§ WORK TO COMPLETE
Reproduce the section of the listing that begins at the line containing "Definition basic_open Σ" and finishes at the line containing "move=> fM; elim: t => [i|g args IH] //=.". Include both end lines and nothing beyond them.

§ INPUT DATA
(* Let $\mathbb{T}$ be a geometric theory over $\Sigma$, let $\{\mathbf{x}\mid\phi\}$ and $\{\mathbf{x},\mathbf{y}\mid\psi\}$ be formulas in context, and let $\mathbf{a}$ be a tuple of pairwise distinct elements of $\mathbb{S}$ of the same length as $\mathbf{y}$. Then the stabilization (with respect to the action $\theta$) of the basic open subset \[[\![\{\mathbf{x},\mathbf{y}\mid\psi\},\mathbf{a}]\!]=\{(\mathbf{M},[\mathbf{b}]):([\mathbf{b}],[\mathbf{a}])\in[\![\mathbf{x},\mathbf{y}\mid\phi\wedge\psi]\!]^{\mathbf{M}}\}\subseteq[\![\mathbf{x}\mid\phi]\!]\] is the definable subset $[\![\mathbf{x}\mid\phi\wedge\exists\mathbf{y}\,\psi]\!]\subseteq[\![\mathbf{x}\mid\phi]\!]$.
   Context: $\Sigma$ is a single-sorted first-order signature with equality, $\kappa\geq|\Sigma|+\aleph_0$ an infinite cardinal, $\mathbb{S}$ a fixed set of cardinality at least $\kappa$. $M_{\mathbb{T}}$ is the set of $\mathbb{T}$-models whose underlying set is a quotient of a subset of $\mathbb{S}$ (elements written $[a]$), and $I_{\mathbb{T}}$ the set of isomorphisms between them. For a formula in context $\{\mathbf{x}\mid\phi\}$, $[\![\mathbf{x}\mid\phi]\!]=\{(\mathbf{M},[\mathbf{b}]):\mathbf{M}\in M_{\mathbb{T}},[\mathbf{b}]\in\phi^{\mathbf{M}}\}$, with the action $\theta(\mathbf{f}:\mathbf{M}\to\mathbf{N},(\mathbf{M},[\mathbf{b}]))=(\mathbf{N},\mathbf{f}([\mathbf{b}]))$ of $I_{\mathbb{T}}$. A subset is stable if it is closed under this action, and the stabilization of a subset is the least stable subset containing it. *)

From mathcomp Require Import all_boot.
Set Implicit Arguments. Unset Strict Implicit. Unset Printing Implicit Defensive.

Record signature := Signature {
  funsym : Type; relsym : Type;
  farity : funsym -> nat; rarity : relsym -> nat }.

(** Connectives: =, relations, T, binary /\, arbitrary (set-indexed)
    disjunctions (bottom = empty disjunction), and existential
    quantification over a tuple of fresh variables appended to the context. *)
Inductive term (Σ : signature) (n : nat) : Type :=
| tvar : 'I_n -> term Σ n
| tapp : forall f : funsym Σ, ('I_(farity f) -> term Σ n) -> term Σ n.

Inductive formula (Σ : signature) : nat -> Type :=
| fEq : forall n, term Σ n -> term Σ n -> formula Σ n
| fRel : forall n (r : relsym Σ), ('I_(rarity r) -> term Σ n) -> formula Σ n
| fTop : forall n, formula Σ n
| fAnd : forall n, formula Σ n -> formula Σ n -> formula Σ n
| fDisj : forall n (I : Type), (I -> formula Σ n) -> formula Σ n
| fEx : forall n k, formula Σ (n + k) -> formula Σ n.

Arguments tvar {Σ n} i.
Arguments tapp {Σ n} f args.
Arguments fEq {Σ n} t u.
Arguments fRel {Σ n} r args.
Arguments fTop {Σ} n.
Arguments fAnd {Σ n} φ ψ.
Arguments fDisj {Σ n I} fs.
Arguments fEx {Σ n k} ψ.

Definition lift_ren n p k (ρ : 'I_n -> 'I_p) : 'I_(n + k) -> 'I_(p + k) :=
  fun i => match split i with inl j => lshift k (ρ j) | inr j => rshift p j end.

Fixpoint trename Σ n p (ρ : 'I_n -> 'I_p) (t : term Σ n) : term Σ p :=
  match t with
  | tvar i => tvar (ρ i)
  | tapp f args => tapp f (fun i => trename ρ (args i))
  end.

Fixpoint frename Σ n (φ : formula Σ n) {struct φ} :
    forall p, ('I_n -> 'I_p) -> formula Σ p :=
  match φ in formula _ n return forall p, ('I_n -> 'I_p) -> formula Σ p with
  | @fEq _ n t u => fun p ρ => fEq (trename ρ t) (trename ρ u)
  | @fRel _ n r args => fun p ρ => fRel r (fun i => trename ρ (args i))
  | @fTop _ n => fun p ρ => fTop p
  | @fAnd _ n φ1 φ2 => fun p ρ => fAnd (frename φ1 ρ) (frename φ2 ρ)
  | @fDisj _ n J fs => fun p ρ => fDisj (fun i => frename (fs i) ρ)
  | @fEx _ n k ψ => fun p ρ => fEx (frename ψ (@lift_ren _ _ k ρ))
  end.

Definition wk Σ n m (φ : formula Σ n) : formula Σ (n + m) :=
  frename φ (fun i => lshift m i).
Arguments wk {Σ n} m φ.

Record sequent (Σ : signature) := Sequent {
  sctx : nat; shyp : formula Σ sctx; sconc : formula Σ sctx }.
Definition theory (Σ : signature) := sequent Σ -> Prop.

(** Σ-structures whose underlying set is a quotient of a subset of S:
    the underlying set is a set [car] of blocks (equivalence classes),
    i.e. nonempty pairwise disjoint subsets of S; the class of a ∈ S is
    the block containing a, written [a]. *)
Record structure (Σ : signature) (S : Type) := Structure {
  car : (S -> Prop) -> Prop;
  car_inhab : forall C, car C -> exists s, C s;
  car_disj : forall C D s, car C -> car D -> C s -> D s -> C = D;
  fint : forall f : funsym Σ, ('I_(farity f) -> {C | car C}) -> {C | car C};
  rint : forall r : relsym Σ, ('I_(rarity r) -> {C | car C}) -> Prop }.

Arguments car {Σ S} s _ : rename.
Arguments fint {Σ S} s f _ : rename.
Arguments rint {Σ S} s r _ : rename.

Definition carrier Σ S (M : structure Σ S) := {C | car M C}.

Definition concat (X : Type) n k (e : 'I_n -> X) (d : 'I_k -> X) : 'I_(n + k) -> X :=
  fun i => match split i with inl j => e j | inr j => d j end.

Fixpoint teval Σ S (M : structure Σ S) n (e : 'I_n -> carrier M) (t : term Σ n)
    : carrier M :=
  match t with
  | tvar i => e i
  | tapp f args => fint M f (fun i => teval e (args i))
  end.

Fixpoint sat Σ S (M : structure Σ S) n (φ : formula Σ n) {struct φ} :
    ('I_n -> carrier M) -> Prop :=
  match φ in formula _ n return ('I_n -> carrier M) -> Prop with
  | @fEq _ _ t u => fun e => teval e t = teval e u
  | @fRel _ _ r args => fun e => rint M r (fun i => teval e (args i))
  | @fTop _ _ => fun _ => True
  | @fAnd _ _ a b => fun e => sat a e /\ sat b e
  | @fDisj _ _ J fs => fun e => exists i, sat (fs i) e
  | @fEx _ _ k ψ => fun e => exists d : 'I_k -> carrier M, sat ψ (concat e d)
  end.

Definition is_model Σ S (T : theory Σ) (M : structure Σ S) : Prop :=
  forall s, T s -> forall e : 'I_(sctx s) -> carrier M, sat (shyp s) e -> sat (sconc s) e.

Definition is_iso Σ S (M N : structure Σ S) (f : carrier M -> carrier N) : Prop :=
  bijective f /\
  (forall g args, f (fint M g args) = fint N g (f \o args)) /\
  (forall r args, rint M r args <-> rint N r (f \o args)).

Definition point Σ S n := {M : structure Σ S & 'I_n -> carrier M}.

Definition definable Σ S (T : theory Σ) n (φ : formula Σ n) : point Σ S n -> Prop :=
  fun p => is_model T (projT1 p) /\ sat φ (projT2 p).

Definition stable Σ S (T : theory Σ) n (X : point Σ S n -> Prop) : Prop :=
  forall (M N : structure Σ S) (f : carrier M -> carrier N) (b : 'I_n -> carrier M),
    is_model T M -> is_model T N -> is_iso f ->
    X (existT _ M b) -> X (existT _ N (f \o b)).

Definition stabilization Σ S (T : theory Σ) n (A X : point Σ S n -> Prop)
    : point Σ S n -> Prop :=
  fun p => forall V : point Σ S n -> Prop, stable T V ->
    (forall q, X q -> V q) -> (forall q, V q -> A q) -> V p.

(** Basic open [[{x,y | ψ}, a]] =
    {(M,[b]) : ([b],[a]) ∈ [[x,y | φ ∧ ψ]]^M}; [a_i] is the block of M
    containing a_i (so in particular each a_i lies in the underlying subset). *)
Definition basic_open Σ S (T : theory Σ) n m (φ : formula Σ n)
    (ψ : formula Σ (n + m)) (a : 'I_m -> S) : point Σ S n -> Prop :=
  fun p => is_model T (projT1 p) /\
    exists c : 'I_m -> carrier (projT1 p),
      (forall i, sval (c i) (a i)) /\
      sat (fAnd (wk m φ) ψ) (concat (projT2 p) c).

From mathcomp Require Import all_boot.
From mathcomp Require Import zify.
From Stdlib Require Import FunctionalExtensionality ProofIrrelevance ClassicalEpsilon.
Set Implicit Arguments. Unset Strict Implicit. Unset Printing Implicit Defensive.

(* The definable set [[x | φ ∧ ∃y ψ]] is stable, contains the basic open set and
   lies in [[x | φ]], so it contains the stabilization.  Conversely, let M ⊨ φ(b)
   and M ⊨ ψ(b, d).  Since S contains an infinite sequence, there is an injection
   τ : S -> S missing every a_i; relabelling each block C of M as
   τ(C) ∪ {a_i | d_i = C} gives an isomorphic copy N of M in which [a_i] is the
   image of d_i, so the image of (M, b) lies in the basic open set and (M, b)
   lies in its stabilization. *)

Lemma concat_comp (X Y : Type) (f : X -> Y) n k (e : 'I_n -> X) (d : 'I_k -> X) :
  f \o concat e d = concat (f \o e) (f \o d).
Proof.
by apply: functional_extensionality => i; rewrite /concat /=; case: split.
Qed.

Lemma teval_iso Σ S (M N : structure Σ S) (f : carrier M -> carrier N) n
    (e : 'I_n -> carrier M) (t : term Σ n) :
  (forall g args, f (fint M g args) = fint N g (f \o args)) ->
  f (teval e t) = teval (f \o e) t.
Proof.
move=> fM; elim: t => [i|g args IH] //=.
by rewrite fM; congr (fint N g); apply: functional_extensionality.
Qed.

§ EXERCISE ANSWER
Definition basic_open Σ S (T : theory Σ) n m (φ : formula Σ n)
    (ψ : formula Σ (n + m)) (a : 'I_m -> S) : point Σ S n -> Prop :=
  fun p => is_model T (projT1 p) /\
    exists c : 'I_m -> carrier (projT1 p),
      (forall i, sval (c i) (a i)) /\
      sat (fAnd (wk m φ) ψ) (concat (projT2 p) c).

From mathcomp Require Import all_boot.
From mathcomp Require Import zify.
From Stdlib Require Import FunctionalExtensionality ProofIrrelevance ClassicalEpsilon.
Set Implicit Arguments. Unset Strict Implicit. Unset Printing Implicit Defensive.

(* The definable set [[x | φ ∧ ∃y ψ]] is stable, contains the basic open set and
   lies in [[x | φ]], so it contains the stabilization.  Conversely, let M ⊨ φ(b)
   and M ⊨ ψ(b, d).  Since S contains an infinite sequence, there is an injection
   τ : S -> S missing every a_i; relabelling each block C of M as
   τ(C) ∪ {a_i | d_i = C} gives an isomorphic copy N of M in which [a_i] is the
   image of d_i, so the image of (M, b) lies in the basic open set and (M, b)
   lies in its stabilization. *)

Lemma concat_comp (X Y : Type) (f : X -> Y) n k (e : 'I_n -> X) (d : 'I_k -> X) :
  f \o concat e d = concat (f \o e) (f \o d).
Proof.
by apply: functional_extensionality => i; rewrite /concat /=; case: split.
Qed.

Lemma teval_iso Σ S (M N : structure Σ S) (f : carrier M -> carrier N) n
    (e : 'I_n -> carrier M) (t : term Σ n) :
  (forall g args, f (fint M g args) = fint N g (f \o args)) ->
  f (teval e t) = teval (f \o e) t.
Proof.
move=> fM; elim: t => [i|g args IH] //=.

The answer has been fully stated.